Show Contents Go to Top Previous Page Next Page

You can make the virtual documents generated by the Apache API interactive in exactly the way that you would documents generated by CGI scripts. Your module will generate an HTML form for the user to fill out. When the user completes and submits the form, your module will process the parameters and generate a new document, which may contain another fill-out form that prompts the user for additional information. In addition, you can store information inside the URI itself by placing it in the additional path information part.

CGI Parameters

Show Contents Go to Top Previous Page Next Page

When a fill-out form is submitted, the contents of its fields are turned into a series of name=value parameter pairs that are available for your module's use. Unfortunately, correctly processing these parameter pairs is annoying because, for a number of historical reasons, there are a variety of formats that you must know about and deal with. The first complication is that the form may be submitted using either the HTTP GET or POST method. If the GET method is used, the URI encoded parameter pairs can be found separated by ampersands in the "query string," the part of the URI that follows the ? character:

http:////?=&=&=...

To recover the parameters from a GET request, mod_perl users should use the request object's args() method. In a scalar context this method returns the entire query string, ampersands and all. In an array context, this method returns the parsed name=value pairs; however, you will still have to do further processing in order to correctly handle multivalued parameters. This feature is only found in the Perl API. Programmers who use the C API must recover the query string from the request object's args field and do all the parsing manually.

If the client uses the POST method to submit the fill-out form, the parameter pairs can be found in something called the "client block." C API users must call three functions named setup_client_block(), should_client_block(), and get_client_block() in order to retrieve the information.

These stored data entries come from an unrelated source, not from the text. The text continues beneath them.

(* For every integer $k\ge2$, the price of anarchy of the weighted atomic two-stage facility location game with $k$ facility agents, measured by the weighted participation rate (which equals the utilitarian social welfare of the facility agents, i.e. the sum of their loads), is exactly $2$. That is, for every instance $(H,U,k)$ with $k$ facility agents, every subgame perfect equilibrium $(\mathbf{s},\sigma)$ and every facility placement profile $\mathbf{s}^*$ we have $w(\mathbf{s}^* )\le 2\,w(\mathbf{s})$, and there exist instances with $k$ facility agents having a subgame perfect equilibrium $(\mathbf{s},\sigma)$ and a facility placement profile $\mathbf{s}^*$ with $w(\mathbf{s}^* )=2\,w(\mathbf{s})>0$.
   Context: Atomic two-stage facility location game. An instance is a triple $(H,U,k)$: $H=(V,E,w)$ is a finite directed graph with vertex weights $w:V\to\mathbb{Q}_{>0}$; $F$ is a set of $k$ facility agents; $U:F\to 2^V$ assigns to each facility agent $f$ a set $U(f)\subseteq V$ of feasible locations. The vertices are simultaneously the clients and the possible locations; $w(X)=\sum_{v\in X}w(v)$. A facility placement profile (FPP) is a vector $\mathbf{s}=(s_f)_{f\in F}$ with $s_f\in U(f)$ (several facilities may choose the same vertex); $S$ denotes the set of all FPPs. For a client $v$ let $N(v)=\{v\}\cup\{u:(v,u)\in E\}$ and $N_{\mathbf{s}}(v)=\{f\in F: s_f\in N(v)\}$. A client profile for $\mathbf{s}$ is $\sigma(\mathbf{s})$, assigning to each client $v$ numbers $\sigma(\mathbf{s})_{v,f}\in[0,1]$ ($f\in F$) with $\sigma(\mathbf{s})_{v,f}=0$ for $f\notin N_{\mathbf{s}}(v)$ and $\sum_{f\in N_{\mathbf{s}}(v)}\sigma(\mathbf{s})_{v,f}=1$ whenever $N_{\mathbf{s}}(v)\neq\varnothing$. A full client profile $\sigma$ specifies a client profile $\sigma(\mathbf{s}')$ for every $\mathbf{s}'\in S$. The load of facility $f$ is $\ell_f(\mathbf{s},\sigma)=\sum_{v\in V}\sigma(\mathbf{s})_{v,f}w(v)$. The cost of client $v$ is $L_v(\mathbf{s},\sigma)=w(v)+\sum_{f\in N_{\mathbf{s}}(v)}\sigma(\mathbf{s})_{v,f}\,\ell_{-v,f}(\mathbf{s},\sigma)$ where $\ell_{-v,f}(\mathbf{s},\sigma)=\sum_{u\neq v}\sigma(\mathbf{s})_{u,f}w(u)$. $\sigma(\mathbf{s})$ is a client equilibrium if no client $v$ can strictly decrease $L_v$ by unilaterally changing her own distribution to another feasible one; $\sigma$ is a full client equilibrium if $\sigma(\mathbf{s}')$ is a client equilibrium for every $\mathbf{s}'\in S$. A pair $(\mathbf{s},\sigma)$ is a subgame perfect equilibrium (SPE) if $\sigma$ is a full client equilibrium and there is no facility $f$ and location $s'_f\in U(f)$ with $\ell_f((s'_f,\mathbf{s}_{-f}),\sigma)>\ell_f(\mathbf{s},\sigma)$. The weighted participation rate of an FPP $\mathbf{s}$ is $w(\mathbf{s})=\sum_{v:\,N_{\mathbf{s}}(v)\neq\varnothing}w(v)$. The price of anarchy is the maximum, over instances admitting an SPE with positive participation rate, of $\max_{\mathbf{s}^*\in S}w(\mathbf{s}^* )$ divided by the minimum of $w(\mathbf{s})$ over SPE $(\mathbf{s},\sigma)$ of that instance. *)

From HB Require Import structures.
From mathcomp Require Import all_boot all_order all_algebra.
From mathcomp Require Import reals.
Set Implicit Arguments. Unset Strict Implicit. Unset Printing Implicit Defensive.
Import Order.TTheory GRing.Theory Num.Theory.
Local Open Scope ring_scope.

Section FLG.
Variables (V : finType) (E : rel V) (k : nat).

Definition inN (v u : V) : bool := (u == v) || E v u.

Definition feasible (U : 'I_k -> {set V}) (s : {ffun 'I_k -> V}) : Prop :=
  forall f, s f \in U f.

Definition inNs (s : {ffun 'I_k -> V}) (v : V) (f : 'I_k) : bool := inN v (s f).

Variable R : realType.

Definition valid_dist (s : {ffun 'I_k -> V}) (v : V) (q : 'I_k -> R) : Prop :=
  (forall f, 0 <= q f <= 1) /\
  (forall f, ~~ inNs s v f -> q f = 0) /\
  ((exists f, inNs s v f) -> \sum_(f < k) q f = 1).

Definition client_profile (s : {ffun 'I_k -> V}) (p : V -> 'I_k -> R) : Prop :=
  forall v, valid_dist s v (p v).

Variable w : V -> rat.

Definition load (p : V -> 'I_k -> R) (f : 'I_k) : R :=
  \sum_(v : V) p v f * ratr (w v).

Definition load_minus (p : V -> 'I_k -> R) (v : V) (f : 'I_k) : R :=
  \sum_(u : V | u != v) p u f * ratr (w u).

Definition client_cost (s : {ffun 'I_k -> V}) (p : V -> 'I_k -> R) (v : V) : R :=
  ratr (w v) + \sum_(f < k | inNs s v f) p v f * load_minus p v f.

Definition dev_client (p : V -> 'I_k -> R) (v : V) (q : 'I_k -> R) : V -> 'I_k -> R :=
  fun u => if u == v then q else p u.

Definition client_eq (s : {ffun 'I_k -> V}) (p : V -> 'I_k -> R) : Prop :=
  client_profile s p /\
  forall v q, valid_dist s v q ->
    client_cost s p v <= client_cost s (dev_client p v q) v.

Definition full_client_eq (U : 'I_k -> {set V})
  (sigma : {ffun 'I_k -> V} -> V -> 'I_k -> R) : Prop :=
  forall s', feasible U s' -> client_eq s' (sigma s').

Definition dev_fac (s : {ffun 'I_k -> V}) (f : 'I_k) (x : V) : {ffun 'I_k -> V} :=
  [ffun g => if g == f then x else s g].

Definition SPE (U : 'I_k -> {set V}) (s : {ffun 'I_k -> V})
  (sigma : {ffun 'I_k -> V} -> V -> 'I_k -> R) : Prop :=
  feasible U s /\ full_client_eq U sigma /\
  forall f x, x \in U f -> ~ (load (sigma s) f < load (sigma (dev_fac s f x)) f).

End FLG.

Definition participation (V : finType) (E : rel V) (k : nat) (w : V -> rat)
  (s : {ffun 'I_k -> V}) : rat :=
  \sum_(v : V | [exists f : 'I_k, inN E v (s f)]) w v.

From HB Require Import structures.
From mathcomp Require Import all_boot all_order all_algebra.
From mathcomp Require Import reals.
Import Order.TTheory GRing.Theory Num.Theory.
Local Open Scope ring_scope.
Set Implicit Arguments. Unset Strict Implicit.

(* Upper bound: the loads at any client profile of s add up to w(s).  If facility f
   moved to [sstar f], every client near [sstar f] left uncovered by s would have f as
   its only option, so f would get at least their weight; at an SPE this does not
   exceed f's current load.  Summing over f, the clients covered by sstar but not by s
   weigh at most w(s), hence w(sstar) <= 2 w(s).
   Lower bound: two isolated unit-weight vertices, facility 0 free to go anywhere and
   the others pinned to [true].  With all facilities at [true] and clients served by
   facility 0 whenever it is next to them, facility 0 has load 1 wherever it stands,
   so this is an SPE covering one vertex, while moving facility 0 to [false] covers
   both. *)

Section UpperBound.
Variables (R : realType) (V : finType) (E : rel V) (k : nat) (w : V -> rat).
Hypothesis w_ge0 : forall v, 0 <= w v.

Local Notation covered s v := [exists f : 'I_k, inN E v (s f)].

Definition uncovered_weight (s : {ffun 'I_k -> V}) (x : V) : rat :=
  \sum_(v | inN E v x && ~~ covered s v) w v.

Lemma ratr_w_ge0 v : 0 <= (ratr (w v) : R).
Proof. by rewrite ler0q. Qed.

Lemma sum_load_participation (s : {ffun 'I_k -> V}) (p : V -> 'I_k -> R) :
  client_profile E s p -> \sum_(f < k) load w p f = ratr (participation E w s).
Proof.
move=> cp; rewrite /load exchange_big rmorph_sum [RHS]big_mkcond /=.
apply: eq_bigr => v _; rewrite -mulr_suml.
have [_ [p_out p_sum1]] := cp v.
case: ifP => [/existsP[f near_f] | /negbT/existsPn far].
- by rewrite p_sum1 ?mul1r //; exists f.
- by rewrite big1 ?mul0r // => f _; apply: p_out; rewrite /inNs far.
Qed.

Lemma load_ge_uncovered_weight (s : {ffun 'I_k -> V}) f x (p : V -> 'I_k -> R) :
  client_profile E (dev_fac s f x) p -> ratr (uncovered_weight s x) <= load w p f.
Proof.
move=> cp; rewrite rmorph_sum /load [X in X <= _]big_mkcond /=.
apply: ler_sum => v _; have [p01 [p_out p_sum1]] := cp v.
case: ifP => [/andP[near_x uncov] | _]; last first.
  by apply: mulr_ge0; [case/andP: (p01 f) | exact: ratr_w_ge0].
have near_f : inNs E (dev_fac s f x) v f by rewrite /inNs ffunE eqxx.
suff -> : p v f = 1 by rewrite mul1r.
rewrite -(p_sum1 (ex_intro _ f near_f)) (bigD1 f) //= big1 ?addr0 // => g ne_gf.
apply: p_out; rewrite /inNs ffunE (negbTE ne_gf); apply: contra uncov => near_g.
by apply/existsP; exists g.
Qed.

Lemma participation_le_add_uncovered (s sstar : {ffun 'I_k -> V}) :
  participation E w sstar <=
  participation E w s + \sum_(f < k) uncovered_weight s (sstar f).
Proof.
rewrite /participation /uncovered_weight.
under [X in _ + X]eq_bigr do rewrite big_mkcond.
rewrite exchange_big !(big_mkcond (fun v => covered _ v)) -big_split /=.
apply: ler_sum => v _; case: (boolP (covered s v)) => [_ | uncov].
  by rewrite big1 ?addr0 => [|f _]; rewrite ?andbF //; case: ifP.
rewrite add0r; case: ifP => [/existsP[f near_f] | _]; last first.
  by apply: sumr_ge0 => f _; case: ifP.
rewrite (bigD1 f) //= near_f lerDl.
by apply: sumr_ge0 => g _; case: ifP.
Qed.

Lemma feasible_dev_fac (U : 'I_k -> {set V}) s f x :
  feasible U s -> x \in U f -> feasible U (dev_fac s f x).
Proof. by move=> fs Ufx g; rewrite ffunE; case: eqP => [-> | _]. Qed.

Lemma SPE_load_ge_uncovered_weight (U : 'I_k -> {set V}) s
    (sigma : {ffun 'I_k -> V} -> V -> 'I_k -> R) f x :
  SPE E w U s sigma -> x \in U f ->
  ratr (uncovered_weight s x) <= load w (sigma s) f.
Proof.
move=> [fs [fce no_dev]] Ufx.
have cp := (fce _ (feasible_dev_fac fs Ufx)).1.
rewrite (le_trans (load_ge_uncovered_weight cp)) // leNgt.
exact/negP/no_dev.
Qed.

Theorem SPE_participation_le (U : 'I_k -> {set V}) s
    (sigma : {ffun 'I_k -> V} -> V -> 'I_k -> R) sstar :
  SPE E w U s sigma -> feasible U sstar ->
  participation E w sstar <= 2 * participation E w s.
Proof.
move=> spe fsstar; have [fs [fce _]] := spe.
have uncov_le : \sum_(f < k) uncovered_weight s (sstar f) <= participation E w s.
  rewrite -(ler_rat R) rmorph_sum -(sum_load_participation (fce s fs).1).
  by apply: ler_sum => f _; apply: SPE_load_ge_uncovered_weight spe (fsstar f).
rewrite mulr_natl mulr2n (le_trans (participation_le_add_uncovered s sstar)) //.
by rewrite lerD2l.
Qed.

End UpperBound.

Definition no_edges (V : Type) : rel V := fun _ _ => false.

Section NoEdges.
Variables (R : realType) (V : finType) (k : nat) (w : V -> rat).

Lemma inN_no_edges v u : inN (@no_edges V) v u = (u == v).
Proof. by rewrite /inN orbF. Qed.

Lemma client_profile_dev_client E (s : {ffun 'I_k -> V}) (p : V -> 'I_k -> R) v q :
  client_profile E s p -> valid_dist E s v q -> client_profile E s (dev_client p v q).
Proof. by move=> cp vq u; rewrite /dev_client; case: eqP => [-> |]. Qed.

Lemma client_cost_no_edges (s : {ffun 'I_k -> V}) (p : V -> 'I_k -> R) v :
  client_profile (@no_edges V) s p -> client_cost (@no_edges V) w s p v = ratr (w v).
Proof.
move=> cp; rewrite /client_cost big1 ?addr0 // => f; rewrite /inNs inN_no_edges => /eqP s_f.
rewrite /load_minus big1 ?mulr0 // => u ne_uv.
have [_ [p_out _]] := cp u.
by rewrite p_out ?mul0r // /inNs inN_no_edges s_f eq_sym.
Qed.

Lemma client_eq_no_edges (s : {ffun 'I_k -> V}) (p : V -> 'I_k -> R) :
  client_profile (@no_edges V) s p -> client_eq (@no_edges V) w s p.
Proof.
move=> cp; split=> // v q vq.
by rewrite !client_cost_no_edges //; apply: client_profile_dev_client.
Qed.

End NoEdges.

Section PreferOrd0.
Variables (R : realType) (V : finType) (k : nat).

Definition prefer0_profile (s : {ffun 'I_k.+1 -> V}) (v : V) (f : 'I_k.+1) : R :=
  if s ord0 == v then (f == ord0)%:R
  else if [pick g | s g == v] is Some g then (f == g)%:R else 0.

Lemma sumr_delta (g : 'I_k.+1) : \sum_(f < k.+1) ((f == g)%:R : R) = 1.
Proof. by rewrite (bigD1 g) //= eqxx big1 ?addr0 // => f /negbTE ->. Qed.

Lemma prefer0_profile_valid s : client_profile (@no_edges V) s (prefer0_profile s).
Proof.
move=> v; rewrite /valid_dist /prefer0_profile; split; [|split].
- have delta01 (b : bool) : 0 <= (b%:R : R) <= 1 by case: b; rewrite ?lexx ?ler01.
  by move=> f; case: ifP => _; [|case: pickP => [g _|_]]; rewrite ?delta01 ?lexx ?ler01.
- move=> f; rewrite /inNs inN_no_edges => far.
  have ne g : s g == v -> (f == g) = false.
    by move=> /eqP s_g; apply: contraNF far => /eqP ->; rewrite s_g.
  by case: ifP => [/ne -> | _] //; case: pickP => [g /ne -> |].
- move=> [f near]; case: (s ord0 == v); first exact: sumr_delta.
  case: pickP => [g _|none]; first exact: sumr_delta.
  by move: near; rewrite /inNs inN_no_edges none.
Qed.

Lemma prefer0_profile_ord0 s v : prefer0_profile s v ord0 = (s ord0 == v)%:R.
Proof.
rewrite /prefer0_profile; case: eqP => // ne; case: pickP => // g /eqP s_g.
by case: eqP => // g0; case: ne; rewrite -s_g -g0.
Qed.

Lemma load_prefer0_ord0 (w : V -> rat) s : load w (prefer0_profile s) ord0 = ratr (w (s ord0)).
Proof.
rewrite /load (bigD1 (s ord0)) //= prefer0_profile_ord0 eqxx mul1r big1 ?addr0 //.
by move=> v ne; rewrite prefer0_profile_ord0 eq_sym (negbTE ne) mul0r.
Qed.

End PreferOrd0.

Section TightInstance.
Variables (R : realType) (k : nat).

Definition unit_weight : bool -> rat := fun _ => 1.

Definition pinned_locations (f : 'I_k.+1) : {set bool} :=
  if f == ord0 then setT else [set true].

Definition all_true : {ffun 'I_k.+1 -> bool} := [ffun=> true].

Definition first_false : {ffun 'I_k.+1 -> bool} := [ffun f => f != ord0].

Lemma feasible_pinned_locations (s : {ffun 'I_k.+1 -> bool}) :
  (forall f, f != ord0 -> s f) -> feasible pinned_locations s.
Proof.
move=> s_true f; rewrite /pinned_locations.
by case: eqP => [_ | /eqP /s_true]; rewrite ?in_setT ?in_set1 ?eqxx // => ->.
Qed.

Lemma all_true_SPE :
  SPE (@no_edges bool) unit_weight pinned_locations all_true (@prefer0_profile R bool k).
Proof.
split; [|split].
- by apply: feasible_pinned_locations => f _; rewrite ffunE.
- by move=> s _; apply/client_eq_no_edges/prefer0_profile_valid.
move=> f x; rewrite /pinned_locations; case: eqP => [-> _ | _].
  by rewrite !load_prefer0_ord0 ltxx.
rewrite in_set1 => /eqP ->.
suff -> : dev_fac all_true f true = all_true by rewrite ltxx.
by apply/ffunP => g; rewrite !ffunE; case: ifP.
Qed.

Lemma participation_all_true : participation (@no_edges bool) unit_weight all_true = 1.
Proof.
rewrite /participation big_mkcond big_bool /=.
case: existsP => [_ | []]; last by exists ord0; rewrite inN_no_edges ffunE.
by case: existsP => [[f] | _]; rewrite ?addr0 // inN_no_edges ffunE.
Qed.

Lemma participation_first_false :
  (0 < k)%N -> participation (@no_edges bool) unit_weight first_false = 2.
Proof.
move=> k_gt0; rewrite /participation big_mkcond big_bool /=.
case: existsP => [_ | []]; last first.
  by exists ord_max; rewrite inN_no_edges ffunE eqb_id -(inj_eq val_inj) -lt0n.
by case: existsP => [// | []]; exists ord0; rewrite inN_no_edges ffunE.
Qed.

End TightInstance.

Unset Implicit Arguments.

Theorem mainTheorem5 (R : realType) (k : nat) (hk : (2 <= k)%N) :
  (forall (V : finType) (E : rel V) (w : V -> rat) (U : 'I_k -> {set V})
          (s : {ffun 'I_k -> V}) (sigma : {ffun 'I_k -> V} -> V -> 'I_k -> R)
          (sstar : {ffun 'I_k -> V}),
      (forall v, 0 < w v) ->
      SPE E w U s sigma ->
      feasible U sstar ->
      participation E w sstar <= 2 * participation E w s)
  /\
  (exists (V : finType) (E : rel V) (w : V -> rat) (U : 'I_k -> {set V})
          (s : {ffun 'I_k -> V}) (sigma : {ffun 'I_k -> V} -> V -> 'I_k -> R)
          (sstar : {ffun 'I_k -> V}),
      [/\ (forall v, 0 < w v), SPE E w U s sigma, feasible U sstar,
          participation E w sstar = 2 * participation E w s
        & 0 < participation E w s]).
Proof.
split=> [V E w U s sigma sstar w_gt0 spe fsstar | ].
  by apply: SPE_participation_le spe fsstar => v; apply: ltW.
case: k hk => [|k'] // k'_gt0.
exists bool, (@no_edges bool), unit_weight, (@pinned_locations k'), (all_true k'),
  (@prefer0_profile R bool k'), (first_false k').
split=> //.
- exact: all_true_SPE.
- by apply: feasible_pinned_locations => f; rewrite ffunE.
- by rewrite participation_first_false // participation_all_true.
- by rewrite participation_all_true.
Qed.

While these methods are also available in the Perl API, mod_perl users have an easier way: they need only call the request object's content() method to retrieve the preparsed list of name=value pairs. However, there's a catch: this only works for the older application/x-www-form-urlencoded style of parameter encoding. If the browser uses the newer multipart/form-data encoding (which is used for file uploads, among other things), then mod_perl users will have to read and parse the content information themselves. read() will fetch the unparsed content information by looping until the requested number of bytes have been read (or a pre-determined timeout has occurred). Fortunately, there are a number of helpful modules that allow mod_perl programmers to accept file uploads without parsing the data themselves, including CGI.pm and Apache::Request, both of which we describe later.

To show you the general technique for prompting and processing user input, Example 4-10 gives a new version of Apache::Hello. It looks for a parameter named user_name and displays a customized welcome page, if present. Otherwise, it creates a more generic message. In both cases, it also displays a fill-out form that prompts the user to enter a new value for user_name. When the user presses the submission button labeled "Set Name," the information is POSTed to the module and the page is redisplayed (Figure 4-4).

Figure 4-4. The Apache::Hello2 module can process user input.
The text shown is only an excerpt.